I apologize: this is information I am unable to provide. You may want to reach out to the developer of the app to make sure this is working correctly on their side.

Warm regards,
Doug
Flickr Support

I'm not sure what that last response means but this feels like a dead end to me. I'm open to suggestions!

Is there a specific user-agent to use? I'm not using a particular one.

Anything that is not the default i would say. Also id seriously consider switching to some sort of flow where traffic is authenticated. There is just so much anonymous bad actor traffic that services have to deal with in the modern age, that anonymous services are very likely to run into rate limiting.

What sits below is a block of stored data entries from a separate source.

(* Assume the setting of the model $Y_i = Z_i^T \pi^* + D_i \beta^* + \epsilon_i$, $E(\epsilon_i \mid Z_i)=0$, with $B^* = \{j : \pi^*_j \ne 0\}$, an integer $U$ with $1 \le U \le L-1$ (so that every $B$ with $c(B)=U-1$ has $c(B^C) \ge 2$), and $c(B^* ) < U$. Let $\alpha_1, \alpha_2 \in (0,1)$ with $\alpha = \alpha_1 + \alpha_2 < 1$. For every $\beta_0$ and $B \subseteq \{1,\ldots,L\}$ let $T(\beta_0,B)$ be a test statistic with critical value $q^T_{1-\alpha_2}(B)$ such that whenever $B^* \subseteq B$ and $\beta^*=\beta_0$, $\mathrm{pr}\{T(\beta_0,B) > q^T_{1-\alpha_2}(B)\} \le \alpha_2$, and let $C_{1-\alpha_2}(Y,D,Z,B) = \{\beta_0 : T(\beta_0,B) \le q^T_{1-\alpha_2}(B)\}$. For every $B$ with $c(B^C) \ge 2$ let $S(B)$ be a pretest statistic for the null hypothesis $\pi^*_{B^C} = 0$ with critical value $q^S_{1-\alpha_1}(B)$ such that whenever $\pi^*_{B^C} = 0$ (equivalently $B^* \subseteq B$), $\mathrm{pr}\{S(B) > q^S_{1-\alpha_1}(B)\} \le \alpha_1$. Define \[ C'_{1-\alpha}(Y,D,Z) = \bigcup \big\{ C_{1-\alpha_2}(Y,D,Z,B) : B \subseteq \{1,\ldots,L\},\ c(B) = U-1,\ S(B) \le q^S_{1-\alpha_1}(B) \big\}. \] Then $\mathrm{pr}\{\beta^* \in C'_{1-\alpha}(Y,D,Z)\} \ge 1-\alpha$.
   Context: $Y=(Y_1,\ldots,Y_n)$, $D=(D_1,\ldots,D_n)$, $Z$ is the $n\times L$ matrix with rows $Z_i^T$, and $\pi^*\in\mathbb{R}^L$, $\beta^*\in\mathbb{R}$ are unknown. For $A \subseteq \{1,\ldots,L\}$, $c(A)$ is its cardinality, $A^C$ its complement, and for a vector $\pi \in \mathbb{R}^L$, $\pi_A$ is the subvector of entries indexed by $A$. *)

From Stdlib Require Import Reals.
From mathcomp Require Import all_boot.
Open Scope R_scope.
Set Implicit Arguments.
Unset Strict Implicit.
Unset Printing Implicit Defensive.

(* A probability space on an abstract sample space Omega:
   a sigma-algebra of measurable events and a countably additive
   probability measure pr (pr is total; only its values on measurable
   events are meaningful). *)
Record prob_space (Omega : Type) := ProbSpace {
  measurable : (Omega -> Prop) -> Prop;
  pr : (Omega -> Prop) -> R;
  meas_full : measurable (fun _ => True);
  meas_compl : forall A, measurable A -> measurable (fun w => ~ A w);
  meas_cunion : forall A : nat -> Omega -> Prop,
      (forall k, measurable (A k)) -> measurable (fun w => exists k, A k w);
  pr_nonneg : forall A, measurable A -> (0 <= pr A);
  pr_full : pr (fun _ => True) = 1;
  pr_sigma_add : forall A : nat -> Omega -> Prop,
      (forall k, measurable (A k)) ->
      (forall i j w, i <> j -> A i w -> A j w -> False) ->
      infinite_sum (fun k => pr (A k)) (pr (fun w => exists k, A k w))
}.

Definition nzb (x : R) : bool := if Req_EM_T x 0 then false else true.

Definition supp (L : nat) (pi : 'I_L -> R) : {set 'I_L} := [set j | nzb (pi j)].

(* Type of a statistic computed from the data (Y, D, Z),
   with Y, D in R^n and Z an n x L matrix (Z i j = j-th entry of Z_i). *)
Definition data_stat (n L : nat) :=
  ('I_n -> R) -> ('I_n -> R) -> ('I_n -> 'I_L -> R) -> R.

Definition C_set (n L : nat) (T : R -> {set 'I_L} -> data_stat n L)
  (qT : {set 'I_L} -> data_stat n L)
  (Y D : 'I_n -> R) (Z : 'I_n -> 'I_L -> R) (B : {set 'I_L}) (beta0 : R) : Prop :=
  (T beta0 B Y D Z <= qT B Y D Z).

Definition Cprime_set (n L U : nat) (T : R -> {set 'I_L} -> data_stat n L)
  (qT : {set 'I_L} -> data_stat n L)
  (S qS : {set 'I_L} -> data_stat n L)
  (Y D : 'I_n -> R) (Z : 'I_n -> 'I_L -> R) (beta0 : R) : Prop :=
  exists B : {set 'I_L},
    #|B| = (U - 1)%N /\ (S B Y D Z <= qS B Y D Z) /\ C_set T qT Y D Z B beta0.

(* One pretest set suffices: complete the support B* of pi* to some B0 with
   c(B0) = U - 1. Then c(B0^C) = L - U + 1 >= 2 and B* is a subset of B0, so both
   the pretest S(B0) and the test T(beta*, B0) are valid, and B0 enters the union
   defining C' unless one of them rejects. A union bound gives the level
   1 - alpha1 - alpha2. *)

From Stdlib Require Import Reals Lra Lia.
From Stdlib Require Import Classical FunctionalExtensionality PropExtensionality.
From mathcomp Require Import all_boot zify.
Open Scope R_scope.

Section ProbabilitySpace.
Context {Omega : Type} {P : prob_space Omega}.

Lemma pred_ext {A B : Omega -> Prop} : (forall w, A w <-> B w) -> A = B.
Proof.
by move=> AB; apply: functional_extensionality => w; apply: propositional_extensionality.
Qed.

Lemma measurable_ext {A B : Omega -> Prop} :
  measurable P A -> (forall w, A w <-> B w) -> measurable P B.
Proof. by move=> mA /pred_ext <-. Qed.

Lemma measurable0 : measurable P (fun _ => False).
Proof. by apply: measurable_ext (meas_compl (meas_full P)) _ => w; tauto. Qed.

Definition seq2 (A B : Omega -> Prop) (k : nat) : Omega -> Prop :=
  match k with 0%nat => A | 1%nat => B | _ => fun _ => False end.

Lemma bigcup_seq2 (A B : Omega -> Prop) w :
  (exists k, seq2 A B k w) <-> A w \/ B w.
Proof.
split; first by case=> [[|[|k]]] /=; tauto.
by case=> ?; [exists 0%nat | exists 1%nat].
Qed.

Lemma measurable_seq2 {A B : Omega -> Prop} :
  measurable P A -> measurable P B -> forall k, measurable P (seq2 A B k).
Proof. by move=> mA mB [|[|k]] //=; apply: measurable0. Qed.

Lemma measurableU {A B : Omega -> Prop} :
  measurable P A -> measurable P B -> measurable P (fun w => A w \/ B w).
Proof.
move=> mA mB; apply: measurable_ext (meas_cunion (measurable_seq2 mA mB)) _.
exact: bigcup_seq2.
Qed.

Lemma measurableI {A B : Omega -> Prop} :
  measurable P A -> measurable P B -> measurable P (fun w => A w /\ B w).
Proof.
move=> mA mB.
apply: measurable_ext (meas_compl (measurableU (meas_compl mA) (meas_compl mB))) _.
by move=> w; split; [move=> ?; split; apply: NNPP; tauto | tauto].
Qed.

Lemma measurable_fin_exists (I : finType) (Q : I -> Omega -> Prop) :
  (forall i, measurable P (Q i)) -> measurable P (fun w => exists i, Q i w).
Proof.
move=> mQ.
pose A k := if nth None (map Some (enum I)) k is Some i then Q i else fun _ => False.
have mA k : measurable P (A k).
  by rewrite /A; case: nth => [i|]; [apply: mQ | apply: measurable0].
apply: measurable_ext (meas_cunion mA) _ => w; split.
  by case=> k; rewrite /A; case: nth => [i Qi|//]; exists i.
case=> i Qi; exists (index i (enum I)); rewrite /A.
have i_enum : (index i (enum I) < size (enum I))%N by rewrite index_mem mem_enum.
by rewrite (nth_map i) // nth_index // mem_enum.
Qed.

(* The constant sequence pr(empty) sums to pr(empty) only if pr(empty) = 0. *)
Lemma pr0 : pr P (fun _ => False) = 0.
Proof.
have sum0 := pr_sigma_add (fun _ => measurable0) (fun _ _ _ _ (f : False) _ => f).
have no_witness : (fun w : Omega => exists _ : nat, False) = (fun _ => False).
  by apply: pred_ext => w; split => [[]|].
rewrite no_witness in sum0.
have [pos|/esym //] := Rle_lt_or_eq_dec _ _ (pr_nonneg measurable0).
have [N HN] := sum0 _ pos.
have N_ge0 := pos_INR N.
have := HN N.+1 ltac:(lia); rewrite sum_cte /Rdist !S_INR Rabs_right; nra.
Qed.

Lemma prU_disjoint {A B : Omega -> Prop} :
  measurable P A -> measurable P B -> (forall w, A w -> B w -> False) ->
  pr P (fun w => A w \/ B w) = pr P A + pr P B.
Proof.
move=> mA mB AB.
have disj : forall i j w, i <> j -> seq2 A B i w -> seq2 A B j w -> False.
  by move=> [|[|i]] [|[|j]] w ij //= a b; [apply: AB a b | apply: AB b a].
have sumAB := pr_sigma_add (measurable_seq2 mA mB) disj.
rewrite (pred_ext (bigcup_seq2 A B)) in sumAB.
apply: uniqueness_sum sumAB _ => e e_pos; exists 1%nat => [[|m]] m_ge1; first lia.
have -> : sum_f_R0 (fun k => pr P (seq2 A B k)) m.+1 = pr P A + pr P B.
  by elim: m {m_ge1} => [|m IH] /=; [lra | rewrite /= in IH; rewrite IH pr0; lra].
by rewrite /Rdist Rminus_diag Rabs_R0.
Qed.

Lemma pr_setD_split {A B : Omega -> Prop} :
  measurable P A -> measurable P B ->
  pr P (fun w => A w \/ B w) = pr P A + pr P (fun w => B w /\ ~ A w).
Proof.
move=> mA mB; rewrite -prU_disjoint //; last by move=> w ? [].
  by congr (pr P); apply: pred_ext => w; have := classic (A w); tauto.
exact: measurableI mB (meas_compl mA).
Qed.

Lemma le_pr {A B : Omega -> Prop} :
  measurable P A -> measurable P B -> (forall w, A w -> B w) -> pr P A <= pr P B.
Proof.
move=> mA mB AB.
have BE : (fun w => A w \/ B w) = B by apply: pred_ext => w; split; [case=> [/AB|] | right].
rewrite -BE pr_setD_split //.
have := pr_nonneg (measurableI mB (meas_compl mA)); lra.
Qed.

Lemma prC {A : Omega -> Prop} : measurable P A -> pr P (fun w => ~ A w) = 1 - pr P A.
Proof.
move=> mA; rewrite -(pr_full P).
have em : (fun _ => True) = (fun w => A w \/ ~ A w).
  by apply: pred_ext => w; have := classic (A w); tauto.
rewrite em prU_disjoint //; [lra | exact: meas_compl].
Qed.

Lemma le_prU {A B : Omega -> Prop} :
  measurable P A -> measurable P B -> pr P (fun w => A w \/ B w) <= pr P A + pr P B.
Proof.
move=> mA mB; rewrite pr_setD_split //.
have := le_pr (measurableI mB (meas_compl mA)) mB (fun w => @proj1 _ _); lra.
Qed.

Lemma pr_ge_bonferroni {A B C : Omega -> Prop} :
  measurable P A -> measurable P B -> measurable P C ->
  (forall w, ~ A w -> ~ B w -> C w) -> pr P C >= 1 - (pr P A + pr P B).
Proof.
move=> mA mB mC ABC.
have mAB := measurableU mA mB.
have neither_C w : ~ (A w \/ B w) -> C w by move=> nAB; apply: ABC => ?; apply: nAB; tauto.
have := le_pr (meas_compl mAB) mC neither_C.
rewrite prC //; have := le_prU mA mB; lra.
Qed.

End ProbabilitySpace.

Lemma exists_superset_card (T : finType) (k : nat) (A : {set T}) :
  (#|A| <= k <= #|T|)%N -> exists2 B : {set T}, A \subset B & #|B| = k.
Proof.
move=> /andP[]; move Em: (k - #|A|)%N => m; elim: m A Em => [|m IH] A Em Ak kT.
  by exists A => //; lia.
have [x xA] : exists x, x \notin A.
  apply/existsP; rewrite -negb_forall; apply/negP => /forallP Afull.
  have AT : A = setT by apply/setP => y; rewrite inE; apply/idP/Afull.
  by move: Em; rewrite AT cardsT; lia.
have [|||B xAB Bk] := IH (x |: A); rewrite ?cardsU1 ?xA //=; try lia.
by exists B => //; apply: subset_trans xAB; apply: subsetUr.
Qed.

Lemma measurable_Cprime_set {Omega : Type} {P : prob_space Omega} {n L : nat} (U : nat)
  {Y D : Omega -> 'I_n -> R} {Z : Omega -> 'I_n -> 'I_L -> R}
  {T : R -> {set 'I_L} -> data_stat n L} {qT S qS : {set 'I_L} -> data_stat n L}
  {beta0 : R} :
  (forall B, measurable P (fun w => T beta0 B (Y w) (D w) (Z w) > qT B (Y w) (D w) (Z w))) ->
  (forall B, measurable P (fun w => S B (Y w) (D w) (Z w) > qS B (Y w) (D w) (Z w))) ->
  measurable P (fun w => Cprime_set U T qT S qS (Y w) (D w) (Z w) beta0).
Proof.
move=> mT mS; apply: measurable_fin_exists => B.
have [cardB|cardB] := eqVneq #|B| (U - 1)%N.
  apply: measurable_ext (measurableI (meas_compl (mS B)) (meas_compl (mT B))) _ => w.
  by rewrite /C_set; split=> [[/Rnot_lt_le ? /Rnot_lt_le ?] | [_ [/Rle_not_lt ? /Rle_not_lt ?]]].
apply: measurable_ext measurable0 _ => w.
by split=> // [[cardB']]; rewrite cardB' eqxx in cardB.
Qed.

Theorem theorem2
  (Omega : Type) (P : prob_space Omega)
  (n L U : nat)
  (Y D : Omega -> 'I_n -> R) (Z : Omega -> 'I_n -> 'I_L -> R)
  (eps : Omega -> 'I_n -> R)
  (pi_star : 'I_L -> R) (beta_star : R)
  (* the linear model Y_i = Z_i^T pi* + D_i beta* + eps_i *)
  (Hmodel : forall w i, Y w i = (\big[Rplus/0]_(j < L) (Z w i j * pi_star j)
                                 + D w i * beta_star + eps w i))
  (HU : (1 <= U <= L - 1)%N)
  (HBstar : (#|supp pi_star| < U)%N)
  (alpha1 alpha2 : R)
  (Ha1 : (0 < alpha1 < 1)) (Ha2 : (0 < alpha2 < 1))
  (Ha : (alpha1 + alpha2 < 1))
  (T : R -> {set 'I_L} -> data_stat n L) (qT : {set 'I_L} -> data_stat n L)
  (Sstat qS : {set 'I_L} -> data_stat n L)
  (* the statistics are random variables (the relevant events are measurable) *)
  (HTmeas : forall beta0 B, measurable P (fun w =>
      (T beta0 B (Y w) (D w) (Z w) > qT B (Y w) (D w) (Z w))))
  (HSmeas : forall B, measurable P (fun w =>
      (Sstat B (Y w) (D w) (Z w) > qS B (Y w) (D w) (Z w))))
  (* validity of the test T: if B* ⊆ B and beta* = beta0, level alpha2 *)
  (HT : forall (beta0 : R) (B : {set 'I_L}), supp pi_star \subset B -> beta_star = beta0 ->
      (pr P (fun w => (T beta0 B (Y w) (D w) (Z w) > qT B (Y w) (D w) (Z w)))
         <= alpha2))
  (* validity of the pretest S for c(B^C) >= 2: if B* ⊆ B, level alpha1 *)
  (HS : forall B : {set 'I_L}, (2 <= #|~: B|)%N -> supp pi_star \subset B ->
      (pr P (fun w => (Sstat B (Y w) (D w) (Z w) > qS B (Y w) (D w) (Z w)))
         <= alpha1)) :
  (pr P (fun w => Cprime_set U T qT Sstat qS (Y w) (D w) (Z w) beta_star)
     >= 1 - (alpha1 + alpha2)).
Proof.
have [B0 suppB0 cardB0] : exists2 B0 : {set 'I_L}, supp pi_star \subset B0 & #|B0| = (U - 1)%N.
  by apply: exists_superset_card; rewrite card_ord; lia.
have cardCB0 : (2 <= #|~: B0|)%N by rewrite cardsCs setCK card_ord cardB0; lia.
have accept_B0 w :
    ~ Sstat B0 (Y w) (D w) (Z w) > qS B0 (Y w) (D w) (Z w) ->
    ~ T beta_star B0 (Y w) (D w) (Z w) > qT B0 (Y w) (D w) (Z w) ->
    Cprime_set U T qT Sstat qS (Y w) (D w) (Z w) beta_star.
  by move=> /Rnot_lt_le S_acc /Rnot_lt_le T_acc; exists B0.
have := pr_ge_bonferroni (HSmeas B0) (HTmeas beta_star B0)
  (measurable_Cprime_set U (HTmeas beta_star) HSmeas) accept_B0.
have := HS B0 cardCB0 suppB0; have := HT beta_star B0 suppB0 erefl; lra.
Qed.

Andrew changed the task status from Open to Stalled.Apr 10 2025, 7:40 PM
Andrew lowered the priority of this task from High to Low.

Flickr apparently now blocks all requests with a 403 error (API calls, web page retrievals, everything). Can you please check with Flickr if Wikimedia IP address has been blocked?

Hello again!

Our tools are now getting a 403 from flicker for every request, which suggests that you are actively blocking access. Likely you have added new protection measures in response to the recent flood of AI scrapers (which are slamming us as well.)

Can you doublecheck that access is open for the wikimedia cloud? Traffic is likely to originate from 185.15.56.1 but we can also add a custom user agent if that helps.

Thank you!

-Andrew

It works again! Thank you so much Andrew!

Hi Andrew,
 
Becki from Flickr Support here again.
 
Our engineers have made some adjustments on our end - can you let me know if things are working for you again?
 
If not, let me know and I'll follow up with our engineers for further investigation.
 
I'll be standing by.
Becki

I responded and said things were fixed. So we are good for now, until they mess with us again!